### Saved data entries
--------------------------------

(* Let $f:M\to M$ be a partially hyperbolic endomorphism of a closed manifold $M$, let $x\in M$, and let $E^c_f(x)$ and $F^c_f(x)$ be two center directions at $x$ (arising from possibly different orbits through $x$). Then $F^c_f(x)\subset E^c_f(x)\oplus E^s_f(x)$. In particular, the subspace $E^{cs}_f(x)=E^c_f(x)\oplus E^s_f(x)$ does not depend on the orbit through $x$.
   Context: A $C^1$ local diffeomorphism $f:M\to M$ is a partially hyperbolic endomorphism if there are a Riemannian metric and constants $0<\nu<\gamma_1\le\gamma_2<\mu$, $\nu<1<\mu$, $C>1$ such that for every orbit $(x_n)_{n\in\mathbb{Z}}$ ($f(x_n)=x_{n+1}$) there is a splitting $T_{x_n}M=E^s_f(x_n)\oplus E^c_f(x_n)\oplus E^u_f(x_n)$, $Df$-invariant along the orbit, with $\|Df^n_{x_i}v^s\|\le C\nu^n\|v^s\|$, $C^{-1}\gamma_1^n\|v^c\|\le\|Df^n_{x_i}v^c\|\le C\gamma_2^n\|v^c\|$, $C^{-1}\mu^n\|v^u\|\le\|Df^n_{x_i}v^u\|$ for all $n\ge0$, $i\in\mathbb{Z}$, $v^\ast\in E^\ast_f(x_i)$. A center direction at $x$ is $E^c_f(x_0)$ for some orbit with $x_0=x$. The stable subspace $E^s_f(x)$ is the same for all orbits through $x$. *)

From HB Require Import structures.
From mathcomp Require Import all_boot all_order all_algebra.
From mathcomp Require Import reals.
Set Implicit Arguments. Unset Strict Implicit. Unset Printing Implicit Defensive.
Import Order.TTheory GRing.Theory Num.Theory.
Local Open Scope ring_scope.

(* Abstract model of the tangent bundle of a d-dimensional manifold M:
   every tangent space T_xM is identified (pointwise, no continuity needed)
   with the row vectors 'rV[R]_d; the derivative Df x : T_xM -> T_{f x}M
   is v |-> v *m Df x (row-vector convention); a Riemannian metric is a
   family of symmetric positive definite Gram matrices g x. Subspaces of
   T_xM are represented by matrices through their row space (%MS). *)

Section PH.
Variables (R : realType) (M : Type) (d : nat).

Definition rnorm (g : M -> 'M[R]_d) (x : M) (v : 'rV[R]_d) : R :=
  Num.sqrt ((v *m g x *m v^T) 0 0).

Definition riemannian_metric (g : M -> 'M[R]_d) : Prop :=
  forall x, (g x)^T = g x /\
    (forall v : 'rV[R]_d, v != 0 -> 0 < (v *m g x *m v^T) 0 0).

(* n-th iterate of the derivative along the forward orbit of x:
   Df^n_x = Df_x then Df_{f x} ... then Df_{f^{n-1} x} *)
Fixpoint Dfn (f : M -> M) (Df : M -> 'M[R]_d) (x : M) (n : nat) : 'M[R]_d :=
  match n with
  | 0 => 1%:M
  | n'.+1 => Df x *m Dfn f Df (f x) n'
  end.

Definition is_orbit (f : M -> M) (o : int -> M) : Prop :=
  forall n : int, f (o n) = o (n + 1).

Definition ph_splitting (f : M -> M) (Df : M -> 'M[R]_d) (g : M -> 'M[R]_d)
    (nu g1 g2 mu C : R) (o : int -> M) (Es Ec Eu : int -> 'M[R]_d) : Prop :=
  (forall i : int,
      (\rank (Es i + Ec i + Eu i)%MS = (\rank (Es i) + \rank (Ec i) + \rank (Eu i))%N) /\ (1%:M <= Es i + Ec i + Eu i)%MS) /\
  (forall i : int,
      (Es i *m Df (o i) == Es ((i + 1)%R))%MS /\
      (Ec i *m Df (o i) == Ec ((i + 1)%R))%MS /\
      (Eu i *m Df (o i) == Eu ((i + 1)%R))%MS) /\
  (forall (n : nat) (i : int) (v : 'rV[R]_d), (v <= Es i)%MS ->
      rnorm g (iter n f (o i)) (v *m Dfn f Df (o i) n)
        <= C * nu ^+ n * rnorm g (o i) v) /\
  (forall (n : nat) (i : int) (v : 'rV[R]_d), (v <= Ec i)%MS ->
      C^-1 * g1 ^+ n * rnorm g (o i) v
        <= rnorm g (iter n f (o i)) (v *m Dfn f Df (o i) n) /\
      rnorm g (iter n f (o i)) (v *m Dfn f Df (o i) n)
        <= C * g2 ^+ n * rnorm g (o i) v) /\
  (forall (n : nat) (i : int) (v : 'rV[R]_d), (v <= Eu i)%MS ->
      C^-1 * mu ^+ n * rnorm g (o i) v
        <= rnorm g (iter n f (o i)) (v *m Dfn f Df (o i) n)).

Definition ph_endomorphism (f : M -> M) (Df : M -> 'M[R]_d) (g : M -> 'M[R]_d)
    (nu g1 g2 mu C : R) : Prop :=
  (forall x, Df x \in unitmx) /\            (* local diffeomorphism *)
  riemannian_metric g /\
  0 < nu /\ nu < g1 /\ g1 <= g2 /\ g2 < mu /\ nu < 1 /\ 1 < mu /\ 1 < C /\
  (forall o, is_orbit f o ->
     exists Es Ec Eu : int -> 'M[R]_d, ph_splitting f Df g nu g1 g2 mu C o Es Ec Eu).

End PH.

(* A vector [v] at [x] whose forward iterates grow at most like [g2 ^+ n]
   has no unstable component: the unstable part of [v *m Df^n] is the
   difference of [v *m Df^n] and of the images of the stable and center
   parts, so it also grows at most like [g2 ^+ n], while it has to grow at
   least like [mu ^+ n] with [g2 < mu] unless it vanishes. Stable and center
   vectors of any orbit through [x] grow at most like [g2 ^+ n], hence lie in
   [Es + Ec] of every other orbit through [x]. *)
From HB Require Import structures.
From mathcomp Require Import all_boot all_order all_algebra.
From mathcomp Require Import reals.
From mathcomp Require Import ring lra.
Set Implicit Arguments. Unset Strict Implicit. Unset Printing Implicit Defensive.
Import Order.TTheory GRing.Theory Num.Theory.
Local Open Scope ring_scope.

Lemma bernoulli_le (R : realDomainType) (h : R) (n : nat) :
  0 <= h -> 1 + n%:R * h <= (1 + h) ^+ n.
Proof.
move=> h_ge0; elim: n => [|n IHn]; first by rewrite expr0 mul0r addr0.
have nh_ge0 : 0 <= n%:R * h by rewrite mulr_ge0.
have pow_ge1 : 1 <= (1 + h) ^+ n by rewrite exprn_ege1 // lerDl.
rewrite exprS -natr1; nra.
Qed.

Section GeometricGrowth.
Variable R : archiRealFieldType.

Lemma bounded_geometric_le0 (c B r : R) :
  1 < r -> (forall n, c * r ^+ n <= B) -> c <= 0.
Proof.
move=> r_gt1 bounded; rewrite leNgt; apply/negP => c_gt0.
have r1_gt0 : 0 < r - 1 by rewrite subr_gt0.
have rc_gt0 : 0 < c * (r - 1) by rewrite mulr_gt0.
have B_ge0 : 0 <= B by have := bounded 0%N; rewrite expr0 mulr1; lra.
have /archi_boundP := divr_ge0 B_ge0 (ltW rc_gt0).
set N := Num.Def.archi_bound _ => N_big.
have := bernoulli_le N (ltW r1_gt0); rewrite (addrC 1 (r - 1)) subrK => rN_big.
have : c * (1 + N%:R * (r - 1)) <= B.
  by apply: le_trans (bounded N); rewrite ler_pM2l.
rewrite ltr_pdivrMr // in N_big; nra.
Qed.

Lemma geometric_domination_le0 (c B a b : R) :
  0 < a -> a < b -> (forall n, c * b ^+ n <= B * a ^+ n) -> c <= 0.
Proof.
move=> a_gt0 ab dominated; apply: (@bounded_geometric_le0 c B (b / a)).
  by rewrite ltr_pdivlMr // mul1r.
by move=> n; rewrite expr_div_n mulrA ler_pdivrMr ?exprn_gt0.
Qed.

End GeometricGrowth.

Lemma sub_adds3mx_decomp (F : fieldType) (m1 m2 m3 n : nat)
    (A : 'M[F]_(m1, n)) (B : 'M[F]_(m2, n)) (C : 'M[F]_(m3, n)) (v : 'rV[F]_n) :
  (v <= A + B + C)%MS ->
  exists a b c, [/\ v = a + b + c, (a <= A)%MS, (b <= B)%MS & (c <= C)%MS].
Proof.
case/sub_addsmxP=> [[u w]] /= ->; case/sub_addsmxP: (submxMl u (A + B)%MS).
move=> [a b] /= ->; exists (a *m A), (b *m B), (w *m C).
by split; rewrite ?submxMl.
Qed.

Section RiemannianNorm.
Variables (R : realType) (M : Type) (d : nat) (g : M -> 'M[R]_d).

Local Notation gram x v := ((v *m g x *m v^T) 0 0).

Lemma gram_parallelogram (x : M) (u v : 'rV[R]_d) :
  gram x (u + v) + gram x (u - v) = 2 * gram x u + 2 * gram x v.
Proof.
rewrite linearD linearB /= !(mulmxDl, mulmxBl, mulmxDr, mulmxBr, mulNmx, mulmxN) opprK.
move: (u *m g x *m u^T) (u *m g x *m v^T) (v *m g x *m u^T) (v *m g x *m v^T).
by move=> uu uv vu vv; rewrite !mxE; lra.
Qed.

Lemma rnormN (x : M) (v : 'rV[R]_d) : rnorm g x (- v) = rnorm g x v.
Proof. by rewrite /rnorm linearN /= !mulNmx mulmxN opprK. Qed.

Hypothesis g_metric : riemannian_metric g.

Lemma gram_ge0 (x : M) (v : 'rV[R]_d) : 0 <= gram x v.
Proof.
have [->|v_neq0] := eqVneq v 0; first by rewrite !mul0mx mxE.
exact/ltW/(g_metric x).2.
Qed.

Lemma rnorm_eq0 (x : M) (v : 'rV[R]_d) : (rnorm g x v == 0) = (v == 0).
Proof.
rewrite sqrtr_eq0; have [->|v_neq0] := eqVneq v 0; first by rewrite !mul0mx mxE lexx.
by rewrite leNgt (g_metric x).2.
Qed.

(* A weak triangle inequality that needs only the parallelogram law, not
   Cauchy-Schwarz; the constant [2] is harmless for growth rates. *)
Lemma rnormD_le (x : M) (u v : 'rV[R]_d) :
  rnorm g x (u + v) <= 2 * (rnorm g x u + rnorm g x v).
Proof.
have gram_sum_le : gram x (u + v) <= 2 * gram x u + 2 * gram x v.
  by have := gram_parallelogram x u v; have := gram_ge0 x (u - v); lra.
have sum_ge0 : 0 <= 2 * (rnorm g x u + rnorm g x v).
  by rewrite mulr_ge0 ?addr_ge0 ?sqrtr_ge0.
apply: le_trans (ler_wsqrtr gram_sum_le) _.
rewrite -[X in _ <= X]ger0_norm // -sqrtr_sqr ler_wsqrtr //.
have := sqr_sqrtr (gram_ge0 x u); have := sqr_sqrtr (gram_ge0 x v).
have := sqrtr_ge0 (gram x u); have := sqrtr_ge0 (gram x v); rewrite /rnorm; nra.
Qed.

End RiemannianNorm.

Section PartialHyperbolicity.
Variables (R : realType) (M : Type) (d : nat).
Variables (f : M -> M) (Df g : M -> 'M[R]_d) (nu g1 g2 mu C : R).
Hypotheses (g_metric : riemannian_metric g) (nu_gt0 : 0 < nu).
Hypotheses (nu_le_g2 : nu <= g2) (g2_lt_mu : g2 < mu) (C_gt0 : 0 < C).

Let g2_gt0 : 0 < g2 := lt_le_trans nu_gt0 nu_le_g2.

Section OneSplitting.
Variables (o : int -> M) (Es Ec Eu : int -> 'M[R]_d).
Hypothesis splitting : ph_splitting f Df g nu g1 g2 mu C o Es Ec Eu.

Local Notation growth n v := (rnorm g (iter n f (o 0)) (v *m Dfn f Df (o 0) n)).

Lemma stable_growth_le (v : 'rV[R]_d) (n : nat) :
  (v <= Es 0)%MS -> growth n v <= C * rnorm g (o 0) v * g2 ^+ n.
Proof.
move=> v_stable; have [_ [_ [stable _]]] := splitting.
apply: le_trans (stable n 0 v v_stable) _.
rewrite mulrAC ler_wpM2l ?mulr_ge0 ?sqrtr_ge0 ?(ltW C_gt0) //.
by rewrite lerXn2r // nnegrE ltW.
Qed.

Lemma center_growth_le (v : 'rV[R]_d) (n : nat) :
  (v <= Ec 0)%MS -> growth n v <= C * rnorm g (o 0) v * g2 ^+ n.
Proof.
move=> v_center; have [_ [_ [_ [center _]]]] := splitting.
by rewrite mulrAC; exact: (center n 0 v v_center).2.
Qed.

Lemma sub_stable_center_of_slow_growth (v : 'rV[R]_d) (K : R) :
  (forall n, growth n v <= K * g2 ^+ n) -> (v <= Es 0 + Ec 0)%MS.
Proof.
have [full [_ [_ [_ unstable]]]] := splitting.
have /sub_adds3mx_decomp[vs [vc [vu [-> vs_stable vc_center vu_unstable]]]] :=
  submx_trans (submx1 v) (full 0).2.
move=> v_slow; suff -> : vu = 0 by rewrite addr0 addmx_sub_adds.
set B := 2 * K + 4 * (C * rnorm g (o 0) vs) + 4 * (C * rnorm g (o 0) vc).
have vu_slow n : growth n vu <= B * g2 ^+ n.
  set D := Dfn f Df (o 0) n; set y := iter n f (o 0).
  have -> : vu *m D = (vs + vc + vu) *m D + - (vs *m D + vc *m D).
    by rewrite !mulmxDl (addrC (vs *m D + vc *m D)) addrK.
  have := rnormD_le g_metric y ((vs + vc + vu) *m D) (- (vs *m D + vc *m D)).
  have := rnormD_le g_metric y (vs *m D) (vc *m D); rewrite rnormN.
  have := v_slow n; have := stable_growth_le n vs_stable.
  have := center_growth_le n vc_center; rewrite /B; nra.
have : C^-1 * rnorm g (o 0) vu <= 0.
  apply: (@geometric_domination_le0 _ _ B g2 mu) => // n.
  by rewrite mulrAC; apply: le_trans (unstable n 0 vu vu_unstable) (vu_slow n).
rewrite pmulr_rle0 ?invr_gt0 // => vu_norm_le0.
by apply/eqP; rewrite -(rnorm_eq0 g_metric (o 0)) // eq_le vu_norm_le0 sqrtr_ge0.
Qed.

End OneSplitting.

Lemma stable_center_sub (x : M) (o o' : int -> M)
    (Es Ec Eu Es' Ec' Eu' : int -> 'M[R]_d) :
  o 0 = x -> o' 0 = x ->
  ph_splitting f Df g nu g1 g2 mu C o Es Ec Eu ->
  ph_splitting f Df g nu g1 g2 mu C o' Es' Ec' Eu' ->
  (Es' 0 + Ec' 0 <= Es 0 + Ec 0)%MS.
Proof.
move=> o_x o'_x split split'; rewrite addsmx_sub.
apply/andP; split; apply/row_subP => i.
- apply: (sub_stable_center_of_slow_growth split
    (K := C * rnorm g (o 0) (row i (Es' 0)))) => n.
  by rewrite o_x -o'_x; exact (stable_growth_le split' n (row_sub i _)).
- apply: (sub_stable_center_of_slow_growth split
    (K := C * rnorm g (o 0) (row i (Ec' 0)))) => n.
  by rewrite o_x -o'_x; exact (center_growth_le split' n (row_sub i _)).
Qed.

End PartialHyperbolicity.

Theorem mainTheorem8 (R : realType) (M : Type) (d : nat)
    (f : M -> M) (Df : M -> 'M[R]_d) (g : M -> 'M[R]_d)
    (nu g1 g2 mu C : R) :
  ph_endomorphism f Df g nu g1 g2 mu C ->
  forall (x : M) (o1 o2 : int -> M) (Es1 Ec1 Eu1 Es2 Ec2 Eu2 : int -> 'M[R]_d),
    is_orbit f o1 -> o1 0 = x ->
    ph_splitting f Df g nu g1 g2 mu C o1 Es1 Ec1 Eu1 ->
    is_orbit f o2 -> o2 0 = x ->
    ph_splitting f Df g nu g1 g2 mu C o2 Es2 Ec2 Eu2 ->
    (Ec2 0 <= Ec1 0 + Es1 0)%MS /\ (Ec1 0 + Es1 0 == Ec2 0 + Es2 0)%MS.
Proof.
move=> [_ [g_metric [nu_gt0 [nu_lt_g1 [g1_le_g2 [g2_lt_mu [_ [_ [C_gt1 _]]]]]]]]].
move=> x o1 o2 Es1 Ec1 Eu1 Es2 Ec2 Eu2 _ o1_x split1 _ o2_x split2.
have nu_le_g2 : nu <= g2 by exact: le_trans (ltW nu_lt_g1) g1_le_g2.
have C_gt0 : 0 < C by exact: lt_trans ltr01 C_gt1.
have sub21 :=
  stable_center_sub g_metric nu_gt0 nu_le_g2 g2_lt_mu C_gt0 o1_x o2_x split1 split2.
have sub12 :=
  stable_center_sub g_metric nu_gt0 nu_le_g2 g2_lt_mu C_gt0 o2_x o1_x split2 split1.
rewrite (addsmxC (Ec1 0) (Es1 0)) (addsmxC (Ec2 0) (Es2 0)).
by split; [exact: submx_trans (addsmxSr _ _) sub21 | apply/andP].
Qed.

--------------------------------

### TASK BRIEF
Copy the entries word for word. Start at the first line and end with the line containing "every tangent space".

### ANSWER SPACE
(* Let $f:M\to M$ be a partially hyperbolic endomorphism of a closed manifold $M$, let $x\in M$, and let $E^c_f(x)$ and $F^c_f(x)$ be two center directions at $x$ (arising from possibly different orbits through $x$). Then $F^c_f(x)\subset E^c_f(x)\oplus E^s_f(x)$. In particular, the subspace $E^{cs}_f(x)=E^c_f(x)\oplus E^s_f(x)$ does not depend on the orbit through $x$.
   Context: A $C^1$ local diffeomorphism $f:M\to M$ is a partially hyperbolic endomorphism if there are a Riemannian metric and constants $0<\nu<\gamma_1\le\gamma_2<\mu$, $\nu<1<\mu$, $C>1$ such that for every orbit $(x_n)_{n\in\mathbb{Z}}$ ($f(x_n)=x_{n+1}$) there is a splitting $T_{x_n}M=E^s_f(x_n)\oplus E^c_f(x_n)\oplus E^u_f(x_n)$, $Df$-invariant along the orbit, with $\|Df^n_{x_i}v^s\|\le C\nu^n\|v^s\|$, $C^{-1}\gamma_1^n\|v^c\|\le\|Df^n_{x_i}v^c\|\le C\gamma_2^n\|v^c\|$, $C^{-1}\mu^n\|v^u\|\le\|Df^n_{x_i}v^u\|$ for all $n\ge0$, $i\in\mathbb{Z}$, $v^\ast\in E^\ast_f(x_i)$. A center direction at $x$ is $E^c_f(x_0)$ for some orbit with $x_0=x$. The stable subspace $E^s_f(x)$ is the same for all orbits through $x$. *)

From HB Require Import structures.
From mathcomp Require Import all_boot all_order all_algebra.
From mathcomp Require Import reals.
Set Implicit Arguments. Unset Strict Implicit. Unset Printing Implicit Defensive.
Import Order.TTheory GRing.Theory Num.Theory.
Local Open Scope ring_scope.

(* Abstract model of the tangent bundle of a d-dimensional manifold M:
   every tangent space T_xM is identified (pointwise, no continuity needed)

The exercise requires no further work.